The Garden of Forking Paths
Marina Kapilova’s exhibition is titled “The Garden of Forking Paths” as a tribute to her favourite author, Jorge Luis Borges, and his beautiful homonymous story. We shall not retell its content; for all its brevity, it is polysemantic and infinite. One passage* is enough to explain the author’s choice and concept.
“A broad rereading of the work confirmed the theory. In all fictional works, each time a man is confronted with several alternatives, he chooses one and eliminates the others; in the fiction of Ts’ui Pên, he chooses – simultaneously – all of them. He creates, in this way, diverse futures, diverse times which themselves also proliferate and fork.”

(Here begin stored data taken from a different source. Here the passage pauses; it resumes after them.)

(* Let $L$ be a finite self-dual lattice and let $W_1,W_2\subseteq L$ both contain all join-irreducible elements of $L$. Then the induced subgraphs $\nabla_L^{W_1}$ and $\nabla_L^{W_2}$ of the duality graph $\nabla_L$ are isomorphic if and only if there exists $\sigma\in\mathrm{Aut}(L)$ with $\sigma(W_1)=W_2$.
   Context: A self-dual lattice is a lattice $L$ with a map $a\mapsto a^\perp$ of $L$ to itself that is involutive and order-reversing. $\mathrm{Aut}(L)$ is the group of lattice automorphisms $\sigma$ of $L$ satisfying $\sigma(a^\perp)=\sigma(a)^\perp$ for all $a$. The duality graph $\nabla_L$ has vertex set $L$, with $a,b$ adjacent iff $a\le b^\perp$ (loops allowed); $\nabla_L^W$ is its induced subgraph on $W$ (vertex set $W$, inherited adjacency). An element $a$ is (completely) join-irreducible if $a=\bigvee A$ for a subset $A\subseteq L$ implies $a\in A$. *)

From HB Require Import structures.
From mathcomp Require Import all_boot all_order.
Set Implicit Arguments. Unset Strict Implicit. Unset Printing Implicit Defensive.
Import Order.TTheory.
Local Open Scope order_scope.

(* A finite (nonempty) lattice is a finTBLatticeType; a self-dual lattice is
   such a lattice with a map perp that is involutive and order-reversing. *)
Definition self_dual_map (d : Order.disp_t) (T : finTBLatticeType d)
    (perp : T -> T) : Prop :=
  involutive perp /\ (forall a b : T, a <= b -> perp b <= perp a).

Definition is_aut (d : Order.disp_t) (T : finTBLatticeType d)
    (perp : T -> T) (s : T -> T) : Prop :=
  bijective s /\
  (forall a b : T, s (a `|` b) = s a `|` s b) /\
  (forall a b : T, s (a `&` b) = s a `&` s b) /\
  (forall a : T, s (perp a) = perp (s a)).

Definition join_irreducible (d : Order.disp_t) (T : finTBLatticeType d)
    (a : T) : Prop :=
  forall A : {set T}, a = \join_(x in A) x -> a \in A.

Definition dual_adj (d : Order.disp_t) (T : finTBLatticeType d)
    (perp : T -> T) (a b : T) : bool := a <= perp b.

Definition induced_iso (d : Order.disp_t) (T : finTBLatticeType d)
    (perp : T -> T) (W1 W2 : {set T}) : Prop :=
  exists f : T -> T,
    {in W1 &, injective f} /\ f @: W1 = W2 /\
    {in W1 &, forall a b, dual_adj perp a b = dual_adj perp (f a) (f b)}.

From HB Require Import structures.
From mathcomp Require Import all_boot all_order.
Set Implicit Arguments. Unset Strict Implicit. Unset Printing Implicit Defensive.
Import Order.TTheory.
Local Open Scope order_scope.

(* Every element is the join of the elements of W below it, because W contains
   the join-irreducibles.  Hence the elements [perp b], b in W, are meet-dense,
   so the order, and with it the whole lattice, is determined by the duality
   relation restricted to W x L.  A graph isomorphism f : W1 -> W2 is therefore
   monotone, and x |-> \join_(a in W1, a <= x) f a is an order automorphism
   commuting with perp that extends f.  Conversely an automorphism preserves
   the duality relation. *)

Section JoinDense.
Variables (d : Order.disp_t) (T : finTBLatticeType d).

Lemma join_irreducible_lt (x : T) :
  x != \join_(y | y < x) y -> join_irreducible x.
Proof.
move=> xNj A eA; apply/idPn => xNA; move/negP: xNj; apply.
rewrite eq_le; apply/andP; split; last by apply/joinsP => y /ltW.
rewrite {1}eA; apply/joinsP => a aA; apply: (@joins_sup _ _ _ a).
have ax : a <= x by rewrite eA; apply: (@joins_sup _ _ _ a).
by rewrite lt_neqAle ax andbT; apply: contraNneq xNA => <-.
Qed.

Variable W : {set T}.
Hypothesis W_join_irr : forall a : T, join_irreducible a -> a \in W.

Lemma join_dense (x : T) : x = \join_(a | (a \in W) && (a <= x)) a.
Proof.
apply: le_anti; apply/andP; split; last by apply/joinsP => a /andP[_ ->].
have [n] := ubnP #|[set z : T | z < x]|; elim: n x => // n IH x.
rewrite ltnS => x_n.
have [xW | xNW] := boolP (x \in W).
  by apply: (@joins_sup _ _ _ x); rewrite xW lexx.
have /eqP {1}-> : x == \join_(y | y < x) y.
  by apply: contraNT xNW => /join_irreducible_lt /W_join_irr.
apply/joinsP => y yx; apply: le_trans (IH y _) _.
  apply: leq_trans x_n; apply: proper_card; apply/properP; split.
    by apply/subsetP => z; rewrite !inE => /lt_trans; apply.
  by exists y; rewrite !inE ?yx ?ltxx.
apply/joinsP => a /andP[aW ay]; apply: (@joins_sup _ _ _ a).
by rewrite aW (le_trans ay (ltW yx)).
Qed.

End JoinDense.

Section SelfDual.
Variables (d : Order.disp_t) (T : finTBLatticeType d) (perp : T -> T).
Hypothesis perp_self_dual : self_dual_map perp.

Lemma perpK : involutive perp. Proof. by case: perp_self_dual. Qed.

Lemma le_perp (a b : T) : (perp a <= perp b) = (b <= a).
Proof.
case: perp_self_dual => K M; apply/idP/idP; last exact: M.
by rewrite -{2}(K a) -{2}(K b); apply: M.
Qed.

Lemma le_perpC (a b : T) : (a <= perp b) = (b <= perp a).
Proof. by rewrite -le_perp perpK. Qed.

Variable W : {set T}.
Hypothesis W_join_irr : forall a : T, join_irreducible a -> a \in W.

Lemma le_of_perp (x z : T) :
  (forall b, b \in W -> z <= perp b -> x <= perp b) -> x <= z.
Proof.
move=> H; rewrite -le_perp (join_dense W_join_irr (perp z)).
apply/joinsP => b /andP[bW bz].
by rewrite le_perpC; apply: H => //; rewrite le_perpC.
Qed.

Lemma eq_of_perp (x z : T) :
  (forall b, b \in W -> (x <= perp b) = (z <= perp b)) -> x = z.
Proof.
by move=> H; apply: le_anti; rewrite !le_of_perp // => b bW; rewrite H.
Qed.

End SelfDual.

Section OrderIsomorphism.
Variables (d d' : Order.disp_t) (T : latticeType d) (T' : latticeType d').
Variables (s : T -> T') (g : T' -> T).
Hypotheses (sK : cancel g s) (le_s : forall x y, (s x <= s y) = (x <= y)).

Lemma order_iso_join (x y : T) : s (x `|` y) = s x `|` s y.
Proof.
rewrite -[RHS]sK; congr s; apply: le_anti; apply/andP; split.
  by rewrite leUx -!le_s sK leUl leUr.
by rewrite -le_s sK leUx !le_s leUl leUr.
Qed.

Lemma order_iso_meet (x y : T) : s (x `&` y) = s x `&` s y.
Proof.
rewrite -[RHS]sK; congr s; apply: le_anti; apply/andP; split.
  by rewrite -le_s sK lexI !le_s leIl leIr.
by rewrite lexI -!le_s sK leIl leIr.
Qed.

End OrderIsomorphism.

Section Automorphism.
Variables (d : Order.disp_t) (T : finTBLatticeType d) (perp : T -> T).

Lemma is_aut_order_iso (s : T -> T) :
  (forall x y, (s x <= s y) = (x <= y)) ->
  (forall x, s (perp x) = perp (s x)) -> is_aut perp s.
Proof.
move=> le_s s_perp; have s_inj : injective s.
  by move=> x y e; apply: le_anti; rewrite -[x <= y]le_s -[y <= x]le_s e lexx.
have [g sg gs] := injF_bij s_inj.
split; first by exists g.
by split; [|split] => // x y; [apply: order_iso_join | apply: order_iso_meet].
Qed.

Lemma le_aut (s : T -> T) :
  is_aut perp s -> forall x y, (s x <= s y) = (x <= y).
Proof.
case=> [[g sK _] [sU _]] x y; apply/join_idPr/join_idPr; rewrite -sU.
  by move/(can_inj sK).
by move->.
Qed.

End Automorphism.

Section Extension.
Variables (d : Order.disp_t) (T : finTBLatticeType d) (perp : T -> T).
Hypothesis perp_self_dual : self_dual_map perp.
Variables (W1 W2 : {set T}) (f : T -> T).
Hypotheses (W1_join_irr : forall a : T, join_irreducible a -> a \in W1)
           (W2_join_irr : forall a : T, join_irreducible a -> a \in W2).
Hypotheses (fW1 : f @: W1 = W2)
           (f_adj : {in W1 &, forall a b, (a <= perp b) = (f a <= perp (f b))}).

Lemma forall_W2 (P : T -> Prop) :
  (forall b, b \in W1 -> P (f b)) -> forall b', b' \in W2 -> P b'.
Proof. by move=> H b'; rewrite -fW1 => /imsetP[b bW ->]; apply: H. Qed.

Lemma f_mono : {in W1 &, {homo f : a c / a <= c}}.
Proof.
move=> a c aW cW ac; apply: (le_of_perp perp_self_dual W2_join_irr).
by apply: forall_W2 => b bW; rewrite -!f_adj // => /(le_trans ac).
Qed.

Definition extension (x : T) : T := \join_(a | (a \in W1) && (a <= x)) f a.

Lemma extension_W1 a : a \in W1 -> extension a = f a.
Proof.
move=> aW; apply: le_anti; rewrite (@joins_sup _ _ _ a) ?aW ?lexx ?andbT //.
by apply/joinsP => c /andP[cW ca]; apply: f_mono.
Qed.

Lemma extension_le_perp x b :
  b \in W1 -> (extension x <= perp (f b)) = (x <= perp b).
Proof.
move=> bW; rewrite [in RHS](join_dense W1_join_irr x).
by apply/joinsP/joinsP => H a /[dup] /andP[aW _] /H; rewrite (f_adj aW bW).
Qed.

Lemma le_extension x y : (extension x <= extension y) = (x <= y).
Proof.
apply/idP/idP => [sxy | xy].
  apply: (le_of_perp perp_self_dual W1_join_irr) => b bW yb.
  by rewrite -(extension_le_perp _ bW) (le_trans sxy) // extension_le_perp.
apply/joinsP => a /andP[aW ax]; apply: (@joins_sup _ _ _ a).
by rewrite aW (le_trans ax xy).
Qed.

Lemma extension_perp x : extension (perp x) = perp (extension x).
Proof.
apply: (eq_of_perp perp_self_dual W2_join_irr); apply: forall_W2 => b bW.
rewrite extension_le_perp // !(le_perp perp_self_dual).
by rewrite -extension_W1 // le_extension.
Qed.

Lemma is_aut_extension : is_aut perp extension.
Proof. exact: is_aut_order_iso le_extension extension_perp. Qed.

Lemma extension_imset : extension @: W1 = W2.
Proof. by rewrite -fW1; apply: eq_in_imset => a; apply: extension_W1. Qed.

End Extension.

Theorem mainTheorem19 (d : Order.disp_t) (T : finTBLatticeType d)
    (perp : T -> T) (W1 W2 : {set T}) :
  self_dual_map perp ->
  (forall a : T, join_irreducible a -> a \in W1) ->
  (forall a : T, join_irreducible a -> a \in W2) ->
  (induced_iso perp W1 W2 <->
   exists s : T -> T, is_aut perp s /\ s @: W1 = W2).
Proof.
move=> perp_self_dual W1_join_irr W2_join_irr; split.
  case=> f [_ [fW1 f_adj]]; exists (extension W1 f); split.
    exact: (is_aut_extension perp_self_dual W1_join_irr W2_join_irr fW1 f_adj).
  exact: (extension_imset perp_self_dual W2_join_irr fW1 f_adj).
case=> s [s_aut sW1]; exists s; split; last split => //.
  by case: s_aut => [[g sK _] _] x y _ _; apply: (can_inj sK).
move=> a b _ _; rewrite /dual_adj.
by case: (s_aut) => [_ [_ [_ <-]]]; rewrite (le_aut s_aut).
Qed.
Theorem corollary4p4
  (K : closedFieldType) (hK : [pchar K]%R =i pred0)
  (F : groupType) (G : finGroupType)
  (lact : G -> F -> F) (ract : G -> F -> G)
  (hmp : is_matched_pair lact ract)
  (sigma : G -> F -> F -> K) (tau : G -> G -> F -> K)
  (hst : sigma_tau_conditions lact ract sigma tau)
  (f : F) :
  let SG := Gf lact f in
  let DG := DGf lact tau f in
  let eG := @eG K G in
  let SC := Cf lact f in
  let DC := DH lact tau in
  let eC := @eH K F G in
  let T := cotensor lact tau f in
  (* V |-> ~V is a functor from right k^{G_f}_{tau_f}-comodules to right C_f-comodules *)
  (forall V : comod K G, is_comod SG DG eG V -> is_comod SC DC eC (T V)) /\
  (forall (V V' : comod K G) (phi : camb V -> camb V'),
      is_comod SG DG eG V -> is_comod SG DG eG V' -> comod_hom phi ->
      comod_hom (cot_hom lact tau f phi)) /\
  (* faithful *)
  (forall (V V' : comod K G) (phi psi : camb V -> camb V'),
      is_comod SG DG eG V -> is_comod SG DG eG V' -> comod_hom phi -> comod_hom psi ->
      hom_eq (cot_hom lact tau f phi) (cot_hom lact tau f psi) -> hom_eq phi psi) /\
  (* full *)
  (forall (V V' : comod K G) (chi : camb (T V) -> camb (T V')),
      is_comod SG DG eG V -> is_comod SG DG eG V' -> comod_hom chi ->
      exists phi : camb V -> camb V',
        comod_hom phi /\ hom_eq chi (cot_hom lact tau f phi)) /\
  (* essentially surjective *)
  (forall N : comod K (G * F)%type, is_comod SC DC eC N ->
      exists V : comod K G, is_comod SG DG eG V /\ comod_iso (T V) N) /\
  (* the induced map [V] |-> [~V] on Grothendieck groups of finite-dimensional
     comodules is well defined and an isomorphism *)
  (forall V : comod K G, fd_comod SG DG eG V -> fin_dim (T V)) /\
  (forall s t : fsum K G, valid_fsum SG DG eG s -> valid_fsum SG DG eG t ->
      (gr_eq SG DG eG s t <-> gr_eq SC DC eC (cot_fsum lact tau f s) (cot_fsum lact tau f t))) /\
  (forall t : fsum K (G * F)%type, valid_fsum SC DC eC t ->
      exists2 s : fsum K G, valid_fsum SG DG eG s & gr_eq SC DC eC (cot_fsum lact tau f s) t).
Proof.
case: hmp => lact1 [lactM _].
case: hst => _ [tau_neq0 [_ [_ [_ [tau1 [_ [tau_cocycle _]]]]]]].
have tau1g g x : tau 1%g g x = 1%R by case: (tau1 g x).
have taug1 g x : tau g 1%g x = 1%R by case: (tau1 g x).
move=> SG DG eG' SC DC eC T.
split; first by move=> V hV; apply: cotensor_comod.
split; first by move=> V V' phi hV hV'; apply: cot_hom_comod_hom.
split; first by move=> V V' phi psi hV _ _ _; apply: cot_hom_faithful.
split; first by move=> V V' chi hV hV'; apply: cot_hom_full.
split; first by move=> N hN; exists (fpart lact f N); split;
  [apply: fpart_comod | apply: cotensor_fpart_iso].
split; first by move=> V [hV finV]; apply: cotensor_fin_dim.
by split; [apply: cot_fsum_gr_eqE | apply: cot_fsum_surj].
Qed.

It is an epigraph, a title statement, a religion and a lifestyle. Our author knows for certain that she will not have time for everything, because life is always short if you live it on a broad scale. And if our thirst for life does not fit into the short (always short!) span of time meted out to us, she will try to create her own infinity, adding layer upon layer. Then, in any of the endless layers of life, she can dart in whichever direction her numerous eyes will take her.
The contents of this exhibition is no more than an attempt to randomly pluck a few fragments from the multitude of her many-dimensional lives. The choice is exceedingly hard when one aches to pick everything, including the things still undone. Here are just a few words about Kapilova. The viewers will gather the rest from her work.
Kapilova was born in Minsk and continues to reside there. At least her birth certificate and passport say so. A graduate from Design Department of Belarusian State Institute of Theatre and Arts (now Academy of Arts), she calls herself a “renegade designer”, because, although fully devoted to the ideas instilled in her during training, she has never worked in her profession. It is hard to say with any certainty where else she lives and what else she does in her many other lives. She lists drawing as her principal skill and always wants to draw better. She regards her daughter as her best creation and is saddened only by the fact that it was made in co-authorship.
Kapilova has had 18 solo exhibitions in Belarus, Italy and Germany. Her work is held in museum collections and privately in Belarus, Germany, USA, Italy, Lithuania, Poland, Russia, the Netherlands, etc.
* Borges, Jorge Luis (1962). “The Garden of Forking Paths”. In Labyrinths: Selected Stories & Other Writings by Jorge Luis Borges (pp. 19–29). New York: New Directions. Translated by Donald A. Yates.